The term “apical dominance” is often used to describe the control of lateral branching and was developed from the observation that lateral bud outgrowth is promoted following shoot decapitation. However, tissues outside the shoot apical region clearly can have a major impact on lateral branching (e.g. Hosokawa et al., 1990; Napoli et al., 1999; Beveridge, 2000a). For example, in the dad1 branching mutant of petunia, a small wild-type (WT) internode interstock is able to revert a mutant scion to WT branching phenotype (Napoli, 1996). Apical dominance, or the control exerted by the apical bud and surrounding young and expanding tissues on axillary bud outgrowth, is, therefore, only one component of the branching control system in intact plants.

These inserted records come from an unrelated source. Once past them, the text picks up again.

Lemma alphaG2_0_e2 : alphaG2 0 e2 = 0.
Proof.
have le_inv (r : R) : 0 < r -> alphaG2 0 e2 <= r^-1.
  move=> r0; have disc_e2 (z : 'rV[C]_1) : unit_disc z -> G2 (0 + z *m mk2 0 r%:C).
    by rewrite /G2 /= add0r !mulmx12E mk2E0 mulr0 cabs0 mul0r.
  have -> : e2 = mk1 r^-1%:C *m mk2 0 r%:C :> 'rV[C]_2.
    by apply: rV2P; rewrite mulmx12E mk1E !mxE /= ?mulr0 // -rmorphM mulVf ?gt_eqF.
  apply: le_trans (alphaG2_le_disc disc_e2 _) _.
  by rewrite mk1E cabsR ger0_norm // invr_ge0 ltW.
have := alphaG2_ge0 e2 G2_0; rewrite le0r => /orP[/eqP //|pos].
by have := le_inv (2 / alphaG2 0 e2); rewrite divr_gt0 // invf_div => /(_ isT); lra.
Qed.

Lemma Wu_G2_0_e1 : Wu alphaG2 0 e1 <= 1.
Proof.
have alpha0_ge0 X : 0 <= alphaG2 0 X by exact: alphaG2_ge0 G2_0.
have m1 : Num.sqrt (m_eta alphaG2 0)%:R <= 1 :> R.
  have Ve2 : V_eta alphaG2 0 e2 by rewrite /V_eta /= eta_hat_eq0 ?alphaG2_0_e2.
  have : (m_eta alphaG2 0)%:R <= 1 :> R by rewrite lern1 m_eta_le1.
  by move/ler_wsqrtr; rewrite sqrtr1.
have W1 : Wtilde alphaG2 0 e1 <= 1 by exact: le_trans (Wtilde_le alpha0_ge0 _) alphaG2_0_e1.
by rewrite -[1]mulr1 ler_pM ?sqrtr_ge0.
Qed.

Section AxisPoint.
Variable eps : R.
Hypothesis eps01 : 0 < eps < 1.

Let G2b : G2 (axis_pt eps).
Proof. by case/andP: eps01 => eps0 eps1; apply: G2_axis_pt; rewrite eps1 ltW. Qed.

Lemma alphaG2_axis_ge (s : C) (X : 'rV[C]_2) : cabs s <= 1 ->
  cabs (X 0 0 + X 0 1 * (s * eps%:C)) <= alphaG2 (axis_pt eps) X.
Proof.
move=> s1; have [eps0 eps1] := andP eps01.
apply: le_trans (alphaG2_ge X s1 G2b).
rewrite /axis_pt mk2E0 mk2E1 mulr0 addr0 !mulr1 cabsR ger0_norm; last exact: ltW.
have := cabs_ge0 (X 0 0 + X 0 1 * (s * eps%:C)).
rewrite ler_pdivlMr; nra.
Qed.

Lemma eta_hat_G2_axis_eq0 (X : 'rV[C]_2) : eta_hat alphaG2 (axis_pt eps) X = 0 -> X = 0.
Proof.
move=> hat0.
have lin0 s : cabs s <= 1 -> X 0 0 + X 0 1 * (s * eps%:C) = 0.
  move=> s1; apply: cabs_eq0; apply/le_anti; rewrite cabs_ge0 andbT -hat0.
  apply: cseminorm_le_eta_hat (cseminorm_lin2 _) _ => Y.
  exact: alphaG2_axis_ge.
have p1 : X 0 0 + X 0 1 * (1 * eps%:C) = 0 by apply: lin0; rewrite cabs1.
have m1 : X 0 0 + X 0 1 * (-1 * eps%:C) = 0 by apply: lin0; rewrite cabsN cabs1.
have X1 : X 0 1 = 0.
  have /eqP : X 0 1 * (2 * eps%:C) = 0.
    rewrite -[RHS](subrr 0) -{1}p1 -m1; ring.
  have eps_neq0 : (eps == 0) = false by rewrite gt_eqF // (andP eps01).1.
  by rewrite !mulf_eq0 pnatr_eq0 fmorph_eq0 eps_neq0 /= orbF => /eqP.
by apply: rV2P; rewrite mxE // -p1 X1 mul0r addr0.
Qed.

Lemma U_eta_G2_axis_full Y : U_eta alphaG2 (axis_pt eps) Y.
Proof.
move=> X /eta_hat_G2_axis_eq0 ->.
by rewrite /hdot big1 // => i _; rewrite mxE mul0r.
Qed.

Lemma alphaG2_axis_e2 : alphaG2 (axis_pt eps) e2 <= eps / (1 - eps).
Proof.
have [eps0 eps1] := andP eps01; set r := (1 - eps) / eps.
have r0 : 0 < r by rewrite divr_gt0 // subr_gt0.
have disc_e2 (z : 'rV[C]_1) : unit_disc z -> G2 (axis_pt eps + z *m mk2 0 r%:C).
  rewrite /unit_disc /G2 /= ![(_ + _ : 'rV[C]_2) 0 _]mxE !mulmx12E /axis_pt !mk2E0 !mk2E1 mulr0 addr0 add0r.
  rewrite cabsM !cabsR !ger0_norm ?(ltW eps0) ?(ltW r0) // => z1.
  have epsr : eps * (1 + r) = 1 by rewrite /r mulrDr mulr1 mulrCA mulfV ?gt_eqF // mulr1 addrC subrK.
  by have := cabs_ge0 (z 0 0); nra.
have -> : e2 = mk1 r^-1%:C *m mk2 0 r%:C :> 'rV[C]_2.
  by apply: rV2P; rewrite mulmx12E mk1E !mxE /= ?mulr0 // -rmorphM mulVf ?gt_eqF.
apply: le_trans (alphaG2_le_disc disc_e2 _) _.
by rewrite mk1E cabsR ger0_norm ?invr_ge0 ?(ltW r0) // /r invf_div.
Qed.

(* Parallelogram law: average the bounds of [alphaG2_axis_ge] for [s = 1] and [s = -1]. *)
Lemma herm2_params_G2_axis : herm2_params alphaG2 (axis_pt eps) (herm2_diag 1 (eps ^+ 2)).
Proof.
move=> X; rewrite herm2_form_diag mul1r.
set a := alphaG2 (axis_pt eps) X.
have sqr_le s : cabs s <= 1 -> cabs (X 0 0 + X 0 1 * (s * eps%:C)) ^+ 2 <= a ^+ 2.
  move=> s1; have h := alphaG2_axis_ge X s1.
  by rewrite ler_sqr ?nnegrE ?cabs_ge0 // (le_trans (cabs_ge0 _) h).
have sp : cabs (X 0 0 + X 0 1 * eps%:C) ^+ 2 <= a ^+ 2.
  by have := sqr_le 1; rewrite mul1r cabs1; apply.
have sm : cabs (X 0 0 - X 0 1 * eps%:C) ^+ 2 <= a ^+ 2.
  by have := sqr_le (-1); rewrite cabsN cabs1 mulN1r mulrN; apply.
have cw : cabs (X 0 1 * eps%:C) ^+ 2 = eps ^+ 2 * cabs (X 0 1) ^+ 2.
  by rewrite cabsM cabsR ger0_norm ?exprMn 1?mulrC // ltW // (andP eps01).1.
have := cabs_parallelogram (X 0 0) (X 0 1 * eps%:C); rewrite cw => pgram.
apply/andP; split; first exact: addr_ge0 (sqr_ge0 _) (mulr_ge0 (sqr_ge0 _) (sqr_ge0 _)).
by have := lerD sp sm; rewrite pgram -mulr2n -(mulr_natl (a ^+ 2)) ler_pM2l.
Qed.

Lemma Wu_G2_axis_e1 : Num.sqrt 2 * (1 - eps) <= Wu alphaG2 (axis_pt eps) e1.
Proof.
have [eps0 eps1] := andP eps01.
have alpha_ge0 X : 0 <= alphaG2 (axis_pt eps) X by exact: alphaG2_ge0 G2b.
have [v [sv Kv v_max]] := s_eta2_spec alpha_ge0 U_eta_G2_axis_full.
have det_ge : eps ^+ 2 <= herm2_det v.
  by have := v_max _ herm2_params_G2_axis; rewrite herm2_det_diag mul1r.
have a_ge0 : 0 <= v 0 0 by have /andP[] := Kv e1; rewrite herm2_form_e1.
have d_le : v 0 1 * (1 - eps) ^+ 2 <= eps ^+ 2.
  have /andP[_] := Kv e2; rewrite herm2_form_e2 => d_le.
  have := alphaG2_axis_e2; rewrite ler_pdivlMr ?subr_gt0 // => t_le.
  apply: le_trans (ler_wpM2r (sqr_ge0 _) d_le) _.
  rewrite -exprMn ler_sqr ?nnegrE ?(ltW eps0) //.
  by rewrite mulr_ge0 ?alpha_ge0 // subr_ge0 ltW.
have a_ge : (1 - eps) ^+ 2 <= v 0 0.
  have eps2 : 0 < eps ^+ 2 by rewrite exprn_gt0.
  rewrite -(ler_pM2l eps2); apply: le_trans (ler_wpM2r (sqr_ge0 _) det_ge) _.
  move: d_le; rewrite /herm2_det; have := sqr_ge0 (v 0 2); have := sqr_ge0 (v 0 3).
  by have := sqr_ge0 (1 - eps); nra.
rewrite /Wu m_eta_full; last exact: U_eta_G2_axis_full.
rewrite /Wtilde sv hform_herm2 herm2_form_e1 ler_pM2l ?sqrtr_gt0 //.
rewrite -[1 - eps]ger0_norm; last by rewrite subr_ge0 ltW.
by rewrite -sqrtr_sqr /=; exact: ler_wsqrtr.
Qed.

End AxisPoint.

End ContractibleFamily.

End WuG2.

Theorem proposition3p3 (R : realType)
  (alpha : forall n : nat, set 'rV[R[i]]_n.+1 -> 'rV[R[i]]_n.+1 -> 'rV[R[i]]_n.+1 -> R) :
  holo_contractible_family alpha ->
  ~ usc_on (@G2 R) (Wu (alpha 1%N (@G2 R))).
Proof.
move=> hcf usc.
have [delta [delta0 near0]] := usc 0 e1 G2_0 (1 / 4) (divr_gt0 ltr01 (ltr0n _ 4)).
pose eps := Num.min (delta / 2) (1 / 20 : R).
have eps0 : 0 < eps by rewrite lt_min !divr_gt0.
have eps_le : eps <= 1 / 20 by rewrite ge_min lexx orbT.
have eps_delta : eps <= delta / 2 by rewrite ge_min lexx.
have eps01 : 0 < eps < 1 by rewrite eps0 /=; lra.
have Gb : G2 (axis_pt eps) by apply: G2_axis_pt; rewrite (ltW eps0) /=; lra.
have Wu_near : Wu (alpha 1%N (@G2 R)) (axis_pt eps) e1 < Wu (alpha 1%N (@G2 R)) 0 e1 + 1 / 4.
  apply: near0 => //; last by rewrite subrr cnorm0.
  by rewrite subr0 cnorm_axis_pt ?(ltW eps0) //; lra.
have sqrt2 : 7 / 5 <= Num.sqrt 2 :> R.
  rewrite -[7 / 5 : R]ger0_norm; last lra.
  rewrite -sqrtr_sqr; apply: ler_wsqrtr.
  by rewrite expr2; lra.
have := Wu_G2_axis_e1 hcf eps01; have := Wu_G2_0_e1 hcf; nra.
Qed.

Early studies demonstrated that exogenous auxin could inhibit bud outgrowth caused by removal of the shoot apex (Thimann and Skoog, 1933). Snow (1937) and later Morris (1977) suggested that inhibitory effects of one shoot on the growth of another could not be directly attributed to auxin, as auxin did not travel from a dominant to a subordinate shoot. Such experiments have been the basis of the notion that a second substance is necessary for auxin to act. Growth inhibitors such as ethylene and abscisic acid are not promising candidates in this regard. Romano et al. (1993) showed that reduced ethylene level or response did not influence the effectiveness of increased auxin at modifying branching in transgenic plants. Likewise, mutants deficient in abscisic acid synthesis do not show increased branching (Cornish and Zeevaart, 1988; de Bruijn et al., 1993).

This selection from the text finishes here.